• Problem to work on:
Look through the data for the string "Definition". Copy every line where it is found.

=== Materials provided ===

(* Let $p$ be a prime and let $A_p$ be a non-zero $p$-primary Abelian group. Then $\mathrm{End}\,A_p$ is centrally essential if and only if $A_p\cong Z_{p^k}$ for some positive integer $k$ or $A_p\cong Z_{p^\infty}$.
   Context: All rings are associative with non-zero identity. A ring $R$ is centrally essential if for every non-zero $a\in R$ there exist non-zero elements $x,y$ of the center of $R$ with $ax=y$. $Z_{p^k}$ is the cyclic group of order $p^k$ and $Z_{p^\infty}$ is the quasi-cyclic (Prüfer) $p$-group. *)

From mathcomp Require Import all_boot all_order all_algebra all_field.
Set Implicit Arguments. Unset Strict Implicit. Unset Printing Implicit Defensive.
Import GRing.Theory Num.Theory.
Local Open Scope ring_scope.

(* Additive endomorphisms of an abelian group G : zmodType form the ring End G
   (multiplication = composition).  Elements of End G are additive maps G -> G,
   compared extensionally. *)
Definition is_endo (G : zmodType) (f : G -> G) : Prop :=
  forall x y, f (x + y) = f x + f y.

Definition endo_zero (G : zmodType) (f : G -> G) : Prop := forall x, f x = 0.

Definition endo_central (G : zmodType) (f : G -> G) : Prop :=
  is_endo f /\ forall g : G -> G, is_endo g -> forall x, f (g x) = g (f x).

Definition End_centrally_essential (G : zmodType) : Prop :=
  forall a : G -> G, is_endo a -> ~ endo_zero a ->
    exists x y : G -> G,
      [/\ endo_central x, endo_central y, ~ endo_zero x, ~ endo_zero y
        & forall v, a (x v) = y v].

Definition p_primary (p : nat) (G : zmodType) : Prop :=
  forall x : G, exists n : nat, x *+ (p ^ n) = 0.

(* G is isomorphic to the cyclic group Z_{p^k} = 'Z_(p^k) (for p prime, k > 0,
   p^k >= 2 so 'Z_(p^k) is genuinely Z/p^kZ). *)
Definition iso_Zpk (p k : nat) (G : zmodType) : Prop :=
  exists f : G -> 'Z_(p ^ k),
    (forall x y, f (x + y) = f x + f y) /\ bijective f.

(* G is isomorphic to the quasi-cyclic group Z_{p^oo}, realised as the
   multiplicative group of all complex p-power roots of unity. *)
Definition iso_Zpinf (p : nat) (G : zmodType) : Prop :=
  exists f : G -> algC,
    [/\ forall x y, f (x + y) = f x * f y,
        injective f
      & forall z : algC, (exists n : nat, z ^+ (p ^ n) = 1) <-> exists x, f x = z].

From mathcomp Require Import all_boot all_order all_algebra all_field.
From mathcomp Require Import boolp classical_sets.
Set Implicit Arguments. Unset Strict Implicit. Unset Printing Implicit Defensive.
Import GRing.Theory Num.Theory.
Local Open Scope ring_scope.

(** Commutativity of [End A] makes it centrally essential (take [x = 1]), and
    for [Z_(p^k)] and [Z_(p^oo)] every element lies in a cyclic subgroup that is
    stable under all endomorphisms, which forces [End A] to be commutative.

    Conversely, in a centrally essential ring every idempotent [e] is left
    semicentral ([r e = e r e]): otherwise [a = r e - e r e] is non-zero, and a
    central non-zero multiple [a x] would commute with [e] although [a e = a]
    and [e a = 0]. If [A] had two independent elements of order [p], one would
    get an idempotent endomorphism [pi] onto a direct summand [C] of [A] and an
    endomorphism [r] moving [C] outside [C], contradicting [r pi = pi r pi].
    When [A] is [p]-divisible, [C] is a Prüfer subgroup, which is divisible and
    hence a summand; otherwise [C] is a pure cyclic subgroup of finite exponent,
    again a summand. Both splittings come from a Zorn's lemma extension theorem
    for homomorphisms out of [p]-primary groups. Hence the socle of [A] is
    cyclic, and a [p]-primary group with cyclic socle is [Z_(p^k)] if it has
    bounded exponent and [Z_(p^oo)] otherwise. *)

Lemma ex_threshold (P : nat -> Prop) n : P 0%N -> ~ P n -> exists k, P k /\ ~ P k.+1.
Proof.
elim: n => [|n IH] P0 Pn; first by [].
by have [Pn'|nPn] := pselect (P n); [exists n | exact: IH].
Qed.

Lemma functional_graph_fun (A B : Type) (R : A -> B -> Prop) : inhabited B ->
  (forall a b b', R a b -> R a b' -> b = b') ->
  exists f : A -> B, forall a b, R a b -> f a = b.
Proof.
move=> [b0] Rfun.
have Rex a : exists b, (exists b, R a b) -> R a b.
  have [[b Rab]|noR] := pselect (exists b, R a b); first by exists b.
  by exists b0 => /noR.
have [f Rf] := choice Rex.
by exists f => a b Rab; apply: Rfun (Rf a (ex_intro _ b Rab)) Rab.
Qed.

===

• Your response:
Definition is_endo (G : zmodType) (f : G -> G) : Prop :=
Definition endo_zero (G : zmodType) (f : G -> G) : Prop := forall x, f x = 0.
Definition endo_central (G : zmodType) (f : G -> G) : Prop :=
Definition End_centrally_essential (G : zmodType) : Prop :=
Definition p_primary (p : nat) (G : zmodType) : Prop :=
Definition iso_Zpk (p k : nat) (G : zmodType) : Prop :=
Definition iso_Zpinf (p : nat) (G : zmodType) : Prop :=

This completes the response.